[[ RECORDS FOR THIS EXERCISE open ]]
Lemma no_gap_q w c M : ~ some_gap c M w ->
  q_increasing E w M /\ forall m, (m <= M)%N -> (qelt E w m <= 4 ^ (c + m))%N.
Proof.
elim: M => [|M IH] ngap.
  by split=> // m; rewrite leqn0 => /eqP->; exact: leq0n.
have [incM q_le4] : q_increasing E w M /\ forall m, (m <= M)%N -> (qelt E w m <= 4 ^ (c + m))%N.
  by apply: IH => -[i /= iM gi]; apply: ngap; exists i => //=; exact: ltnW.
have [m [m_gt m_le Em]] : exists m, [/\ (4 ^ (c + M) < m)%N, (m <= 4 ^ (c + M).+1)%N & E m w].
  by apply: not_gap => gM; apply: ngap; exists M => //=; exact: ltnSn.
have qM_lt : (qelt E w M < m)%N := leq_ltn_trans (q_le4 M (leqnn M)) m_gt.
have [q_lt EqS q_min] := next_eltP (ex_intro _ m (conj qM_lt Em)).
rewrite -qeltS in q_lt EqS q_min; split.
  by move=> i; rewrite ltnS leq_eqVlt => /predU1P[->|/incM].
move=> j; rewrite leq_eqVlt => /predU1P[->|/q_le4//].
by apply: leq_trans (q_min _ qM_lt Em) _; rewrite addnS.
Qed.

End Gaps.

Section Main.
Variables (R : realType) (d : measure_display) (T : measurableType d)
  (P : probability T R) (E : nat -> set T).
Hypothesis mE : forall m, measurable (E m).
Hypothesis indep : mutually_independent_events P E.
Hypothesis E_small : forall m, (m < 3)%N -> E m = set0.
Hypothesis pr_E : forall m, (3 <= m)%N -> pr P (E m) = (ln (m%:R : R))^-1.

(* [T_(2j+3)(n) <= (2j+3) q_(n+2j+2)] and [q_m <= 4^(c+m)] when no [gap i] with
   [i >= c] occurs (see [no_gap_q]). *)
Definition Tbound c n j := (j.*2.+3 * 4 ^ (c + (n + j.*2.+2)))%N.

Definition pbound c n j : R := (ln (Tbound c n j)%:R)^-1.

Lemma Tbound_ge3 c n j : (3 <= Tbound c n j)%N.
Proof. by rewrite /Tbound -[3%N]muln1 leq_mul // expn_gt0. Qed.

Lemma pbound_le_pr c n j t : (3 <= t <= Tbound c n j)%N -> pbound c n j <= pr P (E t).
Proof. exact: pr_E_ge. Qed.

Lemma pbound01 c n j : 0 <= pbound c n j <= 1.
Proof.
rewrite invr_ge0 ln_ge0 ?ler1n /=; last exact: leq_trans (Tbound_ge3 c n j).
by apply: le_trans (pr_le1 P (mE 3)); apply: pbound_le_pr; rewrite Tbound_ge3.
Qed.

Lemma pbound_ge c n j : ((4 * c + 4 * n + 11)%:R * j.+1%:R)^-1 <= pbound c n j.
Proof.
have k_gt0 : (0 : R) < (4 * c + 4 * n + 11)%:R * j.+1%:R by rewrite -natrM ltr0n; lia.
rewrite /pbound lef_pV2 ?posrE ?ln_gt0 ?ltr1n //; last exact: leq_trans _ (Tbound_ge3 c n j).
rewrite /Tbound natrM lnM ?posrE ?ltr0n ?expn_gt0 // natrX lnXn //.
apply: le_trans (_ : j.*2.+3%:R + 4 *+ (c + (n + j.*2.+2)) <= _).
  apply: lerD; first by rewrite ln_le_id ?ltr0n.
  by rewrite lerMn2r ln_le_id ?orbT //; lra.
by rewrite -(mulr_natr 4) -!natrM -natrD ler_nat; nia.
Qed.

Lemma sum_pbound_ge c n m :
  (4 * c + 4 * n + 11)%:R^-1 * (m%:R / 2) <= \sum_(j < 2 ^ m) pbound c n j.
Proof.
apply: le_trans (_ : \sum_(j < 2 ^ m) (4 * c + 4 * n + 11)%:R^-1 * j.+1%:R^-1 <= _).
  by rewrite -mulr_sumr ler_wpM2l ?invr_ge0 ?harmonic_dyadic_ge.
by apply: ler_sum => j _; rewrite -invfM pbound_ge.
Qed.

Lemma failure_bound_small n e : 0 < e -> exists c J,
  4 / (2 ^ c.+1)%:R + (1 + \sum_(j < J) pbound c.+1 n j)^-1 <= e.
Proof.
move=> e_gt0; pose c := Num.Def.archi_bound (8 / e).
have c_gt : 8 / e < c%:R by apply: archi_boundP; rewrite ltW ?divr_gt0.
pose K : R := (4 * c.+1 + 4 * n + 11)%:R.
have K_gt0 : 0 < K by rewrite ltr0n.
pose m := Num.Def.archi_bound (4 * K / e).
have m_gt : 4 * K / e < m%:R by apply: archi_boundP; rewrite ltW ?divr_gt0 ?mulr_gt0.
exists c, (2 ^ m)%N; rewrite [e]splitr; apply: lerD.
  have c_le : c%:R <= (2 ^ c.+1)%:R :> R.
    by rewrite ler_nat ltnW // (leq_trans (ltn_expl c (isT : 1 < 2)%N)) ?leq_pexp2l.
  have c_gt0 : (0 : R) < (2 ^ c.+1)%:R by rewrite ltr0n expn_gt0.
  apply: ler_div_cross => //; rewrite ltr_pdivrMr // in c_gt; nra.
have S_ge : 2 / e <= \sum_(j < 2 ^ m) pbound c.+1 n j.
  apply: le_trans (sum_pbound_ge c.+1 n m); rewrite -/K.
  rewrite (_ : 2 / e = K^-1 * (4 * K / e / 2)); last by field; rewrite !gt_eqF.
  apply: ler_wpM2l; first by rewrite invr_ge0 ltW.
  by apply: ler_wpM2r; rewrite ?invr_ge0 // ltW.
have S_gt0 : 0 < \sum_(j < 2 ^ m) pbound c.+1 n j.
  by apply: lt_le_trans S_ge; rewrite divr_gt0.
rewrite -[e / 2]invf_div lef_pV2 ?posrE ?divr_gt0 //; last lra.
by apply: le_trans S_ge _; rewrite lerDr.
Qed.

Definition fail n := [set w | forall k, odd k -> (3 <= k)%N -> ~ E (Tsum E w k n) w].

Lemma fail_sub n c J : (0 < n)%N ->
  fail n `<=` some_gap E c (n + J.*2) `|` missed_all E n (Tbound c n) J.
Proof.
move=> n_gt0 w failw; have [|ngap] := pselect (some_gap E c (n + J.*2) w); first by left.
right; have [inc q_le4] := no_gap_q ngap; move=> j jJ.
have incj : q_increasing E w (n + j.*2.+2) by apply: q_increasingW inc; lia.
split; first split=> //.
  apply: leq_trans (Tsum_le incj) _; rewrite /Tbound leq_mul2l q_le4 ?orbT //; lia.
by apply: failw; rewrite //= odd_double.
Qed.

(* A measurable superset of [fail n], which itself is not evidently measurable. *)
Definition fail_cover n :=
  \bigcap_c \bigcap_J (some_gap E c.+1 (n + J.*2) `|` missed_all E n (Tbound c.+1 n) J).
[[ RECORDS FOR THIS EXERCISE closed ]]
Write out each entry again, character for character.

Lemma no_gap_q w c M : ~ some_gap c M w ->
  q_increasing E w M /\ forall m, (m <= M)%N -> (qelt E w m <= 4 ^ (c + m))%N.
Proof.
elim: M => [|M IH] ngap.
  by split=> // m; rewrite leqn0 => /eqP->; exact: leq0n.
have [incM q_le4] : q_increasing E w M /\ forall m, (m <= M)%N -> (qelt E w m <= 4 ^ (c + m))%N.
  by apply: IH => -[i /= iM gi]; apply: ngap; exists i => //=; exact: ltnW.
have [m [m_gt m_le Em]] : exists m, [/\ (4 ^ (c + M) < m)%N, (m <= 4 ^ (c + M).+1)%N & E m w].
  by apply: not_gap => gM; apply: ngap; exists M => //=; exact: ltnSn.
have qM_lt : (qelt E w M < m)%N := leq_ltn_trans (q_le4 M (leqnn M)) m_gt.
have [q_lt EqS q_min] := next_eltP (ex_intro _ m (conj qM_lt Em)).
rewrite -qeltS in q_lt EqS q_min; split.
  by move=> i; rewrite ltnS leq_eqVlt => /predU1P[->|/incM].
move=> j; rewrite leq_eqVlt => /predU1P[->|/q_le4//].
by apply: leq_trans (q_min _ qM_lt Em) _; rewrite addnS.
Qed.

End Gaps.

Section Main.
Variables (R : realType) (d : measure_display) (T : measurableType d)
  (P : probability T R) (E : nat -> set T).
Hypothesis mE : forall m, measurable (E m).
Hypothesis indep : mutually_independent_events P E.
Hypothesis E_small : forall m, (m < 3)%N -> E m = set0.
Hypothesis pr_E : forall m, (3 <= m)%N -> pr P (E m) = (ln (m%:R : R))^-1.

(* [T_(2j+3)(n) <= (2j+3) q_(n+2j+2)] and [q_m <= 4^(c+m)] when no [gap i] with
   [i >= c] occurs (see [no_gap_q]). *)
Definition Tbound c n j := (j.*2.+3 * 4 ^ (c + (n + j.*2.+2)))%N.

Definition pbound c n j : R := (ln (Tbound c n j)%:R)^-1.

Lemma Tbound_ge3 c n j : (3 <= Tbound c n j)%N.
Proof. by rewrite /Tbound -[3%N]muln1 leq_mul // expn_gt0. Qed.

Lemma pbound_le_pr c n j t : (3 <= t <= Tbound c n j)%N -> pbound c n j <= pr P (E t).
Proof. exact: pr_E_ge. Qed.

Lemma pbound01 c n j : 0 <= pbound c n j <= 1.
Proof.
rewrite invr_ge0 ln_ge0 ?ler1n /=; last exact: leq_trans (Tbound_ge3 c n j).
by apply: le_trans (pr_le1 P (mE 3)); apply: pbound_le_pr; rewrite Tbound_ge3.
Qed.

Lemma pbound_ge c n j : ((4 * c + 4 * n + 11)%:R * j.+1%:R)^-1 <= pbound c n j.
Proof.
have k_gt0 : (0 : R) < (4 * c + 4 * n + 11)%:R * j.+1%:R by rewrite -natrM ltr0n; lia.
rewrite /pbound lef_pV2 ?posrE ?ln_gt0 ?ltr1n //; last exact: leq_trans _ (Tbound_ge3 c n j).
rewrite /Tbound natrM lnM ?posrE ?ltr0n ?expn_gt0 // natrX lnXn //.
apply: le_trans (_ : j.*2.+3%:R + 4 *+ (c + (n + j.*2.+2)) <= _).
  apply: lerD; first by rewrite ln_le_id ?ltr0n.
  by rewrite lerMn2r ln_le_id ?orbT //; lra.
by rewrite -(mulr_natr 4) -!natrM -natrD ler_nat; nia.
Qed.

Lemma sum_pbound_ge c n m :
  (4 * c + 4 * n + 11)%:R^-1 * (m%:R / 2) <= \sum_(j < 2 ^ m) pbound c n j.
Proof.
apply: le_trans (_ : \sum_(j < 2 ^ m) (4 * c + 4 * n + 11)%:R^-1 * j.+1%:R^-1 <= _).
  by rewrite -mulr_sumr ler_wpM2l ?invr_ge0 ?harmonic_dyadic_ge.
by apply: ler_sum => j _; rewrite -invfM pbound_ge.
Qed.

Lemma failure_bound_small n e : 0 < e -> exists c J,
  4 / (2 ^ c.+1)%:R + (1 + \sum_(j < J) pbound c.+1 n j)^-1 <= e.
Proof.
move=> e_gt0; pose c := Num.Def.archi_bound (8 / e).
have c_gt : 8 / e < c%:R by apply: archi_boundP; rewrite ltW ?divr_gt0.
pose K : R := (4 * c.+1 + 4 * n + 11)%:R.
have K_gt0 : 0 < K by rewrite ltr0n.
pose m := Num.Def.archi_bound (4 * K / e).
have m_gt : 4 * K / e < m%:R by apply: archi_boundP; rewrite ltW ?divr_gt0 ?mulr_gt0.
exists c, (2 ^ m)%N; rewrite [e]splitr; apply: lerD.
  have c_le : c%:R <= (2 ^ c.+1)%:R :> R.
    by rewrite ler_nat ltnW // (leq_trans (ltn_expl c (isT : 1 < 2)%N)) ?leq_pexp2l.
  have c_gt0 : (0 : R) < (2 ^ c.+1)%:R by rewrite ltr0n expn_gt0.
  apply: ler_div_cross => //; rewrite ltr_pdivrMr // in c_gt; nra.
have S_ge : 2 / e <= \sum_(j < 2 ^ m) pbound c.+1 n j.
  apply: le_trans (sum_pbound_ge c.+1 n m); rewrite -/K.
  rewrite (_ : 2 / e = K^-1 * (4 * K / e / 2)); last by field; rewrite !gt_eqF.
  apply: ler_wpM2l; first by rewrite invr_ge0 ltW.
  by apply: ler_wpM2r; rewrite ?invr_ge0 // ltW.
have S_gt0 : 0 < \sum_(j < 2 ^ m) pbound c.+1 n j.
  by apply: lt_le_trans S_ge; rewrite divr_gt0.
rewrite -[e / 2]invf_div lef_pV2 ?posrE ?divr_gt0 //; last lra.
by apply: le_trans S_ge _; rewrite lerDr.
Qed.

Definition fail n := [set w | forall k, odd k -> (3 <= k)%N -> ~ E (Tsum E w k n) w].

Lemma fail_sub n c J : (0 < n)%N ->
  fail n `<=` some_gap E c (n + J.*2) `|` missed_all E n (Tbound c n) J.
Proof.
move=> n_gt0 w failw; have [|ngap] := pselect (some_gap E c (n + J.*2) w); first by left.
right; have [inc q_le4] := no_gap_q ngap; move=> j jJ.
have incj : q_increasing E w (n + j.*2.+2) by apply: q_increasingW inc; lia.
split; first split=> //.
  apply: leq_trans (Tsum_le incj) _; rewrite /Tbound leq_mul2l q_le4 ?orbT //; lia.
by apply: failw; rewrite //= odd_double.
Qed.

(* A measurable superset of [fail n], which itself is not evidently measurable. *)
Definition fail_cover n :=
  \bigcap_c \bigcap_J (some_gap E c.+1 (n + J.*2) `|` missed_all E n (Tbound c.+1 n) J).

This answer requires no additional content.